I think I used to care a little too much. And I’ve spent the past few years distancing myself from feelings. I thought that they made me weak. I thought that if I were to become apathetic to everything, than I would be impenetrable.
But its impossible not to feel. At least its impossible for me. Because I still obsess. I obsess and I obsess. And I hurt. Not for the things that used to consume me. But for the things that I have found to truly matter to me. And it makes this hurt so much more intense. Because I know its real.
It’s a good thing. And a bad thing. I need to learn how to deal with my emotions in a healthy way. I need to stop going to extremes. Because there is really no good end to this.
I’ve been pretty happy with 2015. I think life is meant to get better and happier as time goes on, and it’s a good sign when this happens. It means that you’ve learned from the past and incorporated it into the present. Of course, it’s impossible to be perfect, to be perfectly happy as things are… but in a way, that just makes the future more exciting. So I’ve set a few goals for myself to focus on as I enter senior year, not for the purpose of achieving them fully, but to give me something to strive toward. They center around a quote by one of the most random people on earth, the North Pond Hermit, who lived in solitude for 27 years. When asked about his reflections on the human condition (following arrest for burglary), he stated:
I did examine myself […] Solitude did increase my perception. But here’s the tricky thing – when I applied my increased perception to myself, I lost my identity. With no audience, no one to perform for, I was just there. There was no need to define myself; I became irrelevant. The moon was the minute hand, the seasons the hour hand. I didn’t even have a name. I never felt lonely. To put it romantically: I was completely free.

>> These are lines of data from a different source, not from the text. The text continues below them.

Section Chain.
Variable choice : nat -> nat.
Hypothesis choice_range : forall m, 2 <= choice m <= 4.

Lemma chain_hex_tail m : hex_tail (chain_hexagon choice m) (chain_fresh choice m)
  (chain_all_edges choice m) (chain_rest choice m).
Proof.
  induction m as [|m IH]; [apply hex_tail_first|].
  rewrite chain_all_edges_S, chain_fresh_S, chain_hexagon_S.
  apply (hex_tail_step _ _ _ (chain_rest choice m)); auto.
Qed.

Lemma chain_vector_S m :
  chain_vector choice (S m) = mat_apply (transfer_matrix (choice m)) (chain_vector choice m).
Proof.
  unfold chain_vector at 1; rewrite chain_all_edges_S, chain_hexagon_S; cbn [chain_rest].
  apply state_vector_step; auto; apply chain_hex_tail.
Qed.

Lemma Psi_chain_vector m : Psi (chain_edges choice (S m)) = dot weights (chain_vector choice m).
Proof.
  rewrite chain_edges_S; apply Psi_state_vector with (chain_fresh choice m), chain_hex_tail.
Qed.
End Chain.

Lemma chain_vector_const k m : 2 <= k <= 4 ->
  chain_vector (fun _ => k) m = Nat.iter m (mat_apply (transfer_matrix k)) first_vector.
Proof.
  intros Hk; induction m as [|m IH]; [reflexivity|].
  rewrite chain_vector_S, IH by auto; reflexivity.
Qed.

(** * Linear recurrences *)

Definition recurrence (l : list (nat * nat)) (d : nat) (a : nat -> nat) : Prop :=
  forall m, a (m + d) = list_sum (map (fun p => fst p * a (m + snd p)) l).

Section LinearRecurrence.
Variables (V : Type) (add : V -> V -> V) (scale : nat -> V -> V) (zero : V).
Variables (F : V -> V) (phi : V -> nat).
Hypothesis scale_zero : scale 0 zero = zero.
Hypothesis F_add : forall x y, F (add x y) = add (F x) (F y).
Hypothesis F_scale : forall a x, F (scale a x) = scale a (F x).
Hypothesis phi_add : forall x y, phi (add x y) = phi x + phi y.
Hypothesis phi_scale : forall a x, phi (scale a x) = a * phi x.

Definition lincomb (l : list (nat * nat)) (w : nat -> V) : V :=
  fold_right (fun p acc => add (scale (fst p) (w (snd p))) acc) zero l.

Lemma iter_add m x y : Nat.iter m F (add x y) = add (Nat.iter m F x) (Nat.iter m F y).
Proof. induction m as [|m IH]; simpl; rewrite ?IH; auto. Qed.

Lemma iter_scale m a x : Nat.iter m F (scale a x) = scale a (Nat.iter m F x).
Proof. induction m as [|m IH]; simpl; rewrite ?IH; auto. Qed.

Lemma phi_iter_lincomb m l w :
  phi (Nat.iter m F (lincomb l w)) =
  list_sum (map (fun p => fst p * phi (Nat.iter m F (w (snd p)))) l).
Proof.
  induction l as [|p l IH]; simpl.
  - rewrite <- scale_zero, iter_scale, phi_scale; auto.
  - rewrite iter_add, phi_add, iter_scale, phi_scale, IH; auto.
Qed.

Lemma recurrence_of_iterates v l d :
  Nat.iter d F v = lincomb l (fun j => Nat.iter j F v) ->
  recurrence l d (fun m => phi (Nat.iter m F v)).
Proof.
  intros Hd m; rewrite Nat.iter_add, Hd, phi_iter_lincomb.
  apply list_sum_map_ext_in; intros p _; rewrite <- Nat.iter_add; auto.
Qed.
End LinearRecurrence.

Lemma recurrence_unique l d a b : (forall p, In p l -> snd p < d) ->
  recurrence l d a -> recurrence l d b -> (forall j, j < d -> a j = b j) -> forall m, a m = b m.
Proof.
  intros Hl Ha Hb H0 m; induction m as [m IH] using (well_founded_induction lt_wf).
  destruct (Nat.lt_ge_cases m d) as [Hm | Hm]; auto.
  replace m with (m - d + d) by lia; rewrite Ha, Hb.
  apply list_sum_map_ext_in; intros p Hp; rewrite IH; auto; specialize (Hl p Hp); lia.
Qed.

Definition vector_lincomb : list (nat * nat) -> (nat -> list nat) -> list nat :=
  lincomb (list nat) vadd vscale [].

Lemma recurrence_of_matrix_iterates M v l d :
  Nat.iter d (mat_apply M) v = vector_lincomb l (fun j => Nat.iter j (mat_apply M) v) ->
  recurrence l d (fun m => dot weights (Nat.iter m (mat_apply M) v)).
Proof.
  apply recurrence_of_iterates; auto using mat_apply_vadd, mat_apply_vscale, dot_vadd, dot_vscale.
Qed.

Lemma forallb_seq_lt (p : nat -> bool) d :
  forallb p (seq 0 d) = true -> forall j, j < d -> p j = true.
Proof. rewrite forallb_forall; intros H j Hj; apply H, in_seq; lia. Qed.

Definition L_count (m : nat) : nat :=
  dot weights (Nat.iter m (mat_apply (transfer_matrix 3)) first_vector).
Definition H_count (m : nat) : nat :=
  dot weights (Nat.iter m (mat_apply (transfer_matrix 2)) first_vector).

Definition coeffs_L : list (nat * nat) := [(4, 4); (1, 1); (1, 0)].
Definition coeffs_H : list (nat * nat) := [(1, 6); (7, 5); (12, 4); (6, 3); (7, 2); (4, 1); (2, 0)].
Definition coeffs_Z : list (nat * nat) := [(3, 6); (1, 5); (6, 4); (7, 3); (7, 2); (5, 1); (1, 0)].

(* The [let] makes [vm_compute] build each transfer matrix only once. *)
Lemma L_vectors : let F := mat_apply (transfer_matrix 3) in
  Nat.iter 5 F first_vector = vector_lincomb coeffs_L (fun j => Nat.iter j F first_vector) /\
  forallb (fun j => 1 <=? dot weights (Nat.iter j F first_vector)) (seq 0 5) = true.
Proof. vm_compute; auto. Qed.

Lemma H_vectors : let F := mat_apply (transfer_matrix 2) in
  Nat.iter 7 F first_vector = vector_lincomb coeffs_H (fun j => Nat.iter j F first_vector) /\
  forallb (fun j => 1 <=? dot weights (Nat.iter j F first_vector)) (seq 0 7) = true.
Proof. vm_compute; auto. Qed.

Lemma L_count_recurrence : recurrence coeffs_L 5 L_count.
Proof. apply recurrence_of_matrix_iterates, L_vectors. Qed.

Lemma L_count_initial j : j < 5 -> 1 <= L_count j.
Proof. intros Hj; apply Nat.leb_le, (forallb_seq_lt _ 5 (proj2 L_vectors)); auto. Qed.

Lemma H_count_recurrence : recurrence coeffs_H 7 H_count.
Proof. apply recurrence_of_matrix_iterates, H_vectors. Qed.

Lemma H_count_initial j : j < 7 -> 1 <= H_count j.
Proof. intros Hj; apply Nat.leb_le, (forallb_seq_lt _ 7 (proj2 H_vectors)); auto. Qed.

Lemma Psi_L_chain m : Psi (L_chain (S m)) = L_count m.
Proof.
  unfold L_chain; rewrite Psi_chain_vector, chain_vector_const by lia; reflexivity.
Qed.

Lemma Psi_H_chain m : Psi (H_chain (S m)) = H_count m.
Proof.
  unfold H_chain; rewrite Psi_chain_vector, chain_vector_const by lia; reflexivity.
Qed.

Definition pair_add (x y : list nat * list nat) : list nat * list nat :=
  (vadd (fst x) (fst y), vadd (snd x) (snd y)).
Definition pair_scale (a : nat) (x : list nat * list nat) : list nat * list nat :=
  (vscale a (fst x), vscale a (snd x)).

(* Advances the alternating chain together with its mirror image, whose kinks start on the other
   side; the pair of state vectors then evolves by one map independent of the step. *)
Definition zigzag_step (M N : list (list nat)) (x : list nat * list nat) : list nat * list nat :=
  (mat_apply M (snd x), mat_apply N (fst x)).

Definition zigzag_iterates (m : nat) : list nat * list nat :=
  Nat.iter m (zigzag_step (transfer_matrix 4) (transfer_matrix 2)) (first_vector, first_vector).

Definition Z_count (m : nat) : nat := dot weights (fst (zigzag_iterates m)).
Definition Z_mirror_count (m : nat) : nat := dot weights (snd (zigzag_iterates m)).

Lemma Z_vectors : let F := zigzag_step (transfer_matrix 4) (transfer_matrix 2) in
  let Y j := Nat.iter j F (first_vector, first_vector) in
  Y 7 = lincomb _ pair_add pair_scale ([], []) coeffs_Z Y /\
  forallb (fun j => (1 <=? dot weights (fst (Y j))) &&
                    (dot weights (fst (Y j)) =? dot weights (snd (Y j)))) (seq 0 7) = true.
Proof. vm_compute; auto. Qed.

Lemma zigzag_recurrence (phi : list nat * list nat -> nat) :
  (forall x y, phi (pair_add x y) = phi x + phi y) ->
  (forall a x, phi (pair_scale a x) = a * phi x) ->
  recurrence coeffs_Z 7 (fun m => phi (zigzag_iterates m)).
Proof.
  intros Hadd Hscale; unfold zigzag_iterates.
  apply (recurrence_of_iterates _ pair_add pair_scale ([], [])
           (zigzag_step (transfer_matrix 4) (transfer_matrix 2)) phi eq_refl);
    [| | exact Hadd | exact Hscale | apply Z_vectors].
  - intros x y; unfold zigzag_step, pair_add; cbn [fst snd]; rewrite !mat_apply_vadd; auto.
  - intros a x; unfold zigzag_step, pair_scale; cbn [fst snd]; rewrite !mat_apply_vscale; auto.
Qed.

Lemma Z_count_recurrence : recurrence coeffs_Z 7 Z_count.
Proof.
  apply (zigzag_recurrence (fun x => dot weights (fst x))); intros;
    unfold pair_add, pair_scale; cbn [fst snd]; auto using dot_vadd, dot_vscale.
Qed.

My goal is certainly not to become a hermit, but to live for myself, independent of performing for others, independent of the need for affirmation. As I’ve gotten distance from my internship, I’ve realized that these past few months have helped me to take a big step in this direction, but I’m still not quite where I want to be. So here is me solidifying my goals:
- Be happy, truly happy with what you have. With who you are. No matter what your physical conditions are.
- Take care of yourself wholeheartedly. Focus on doing things that you want to do, not things that you feel pressure to do.
- Be accepting of the happiness of others. Practice some metta.
- Feel as intensely as you can feel. Love as intensely as you can love. Don’t hold back and don’t be afraid to get hurt.
- Remember that you are dealing with something that does make your life a little more difficult than the lives of others. Understand what that means, and accept it. Know your limits and respect them. Be grateful.
- Don’t be deterred from your ultimate goal. It’s okay if it changes or evolves. Just remember to stride toward it as wholeheartedly as you can.
- Take ten minutes for yourself every single day, whatever that means.
- Don’t limit yourself or be afraid to take risks. That’s what life is about.
- Love love love yourself. Don’t apologize for being you. Work everyday to be the best version of yourself. And don’t look back at those who didn’t care enough to cast you a second glance.
- Celebrate failure.
I guess with that, I head into the first day of my senior year of college.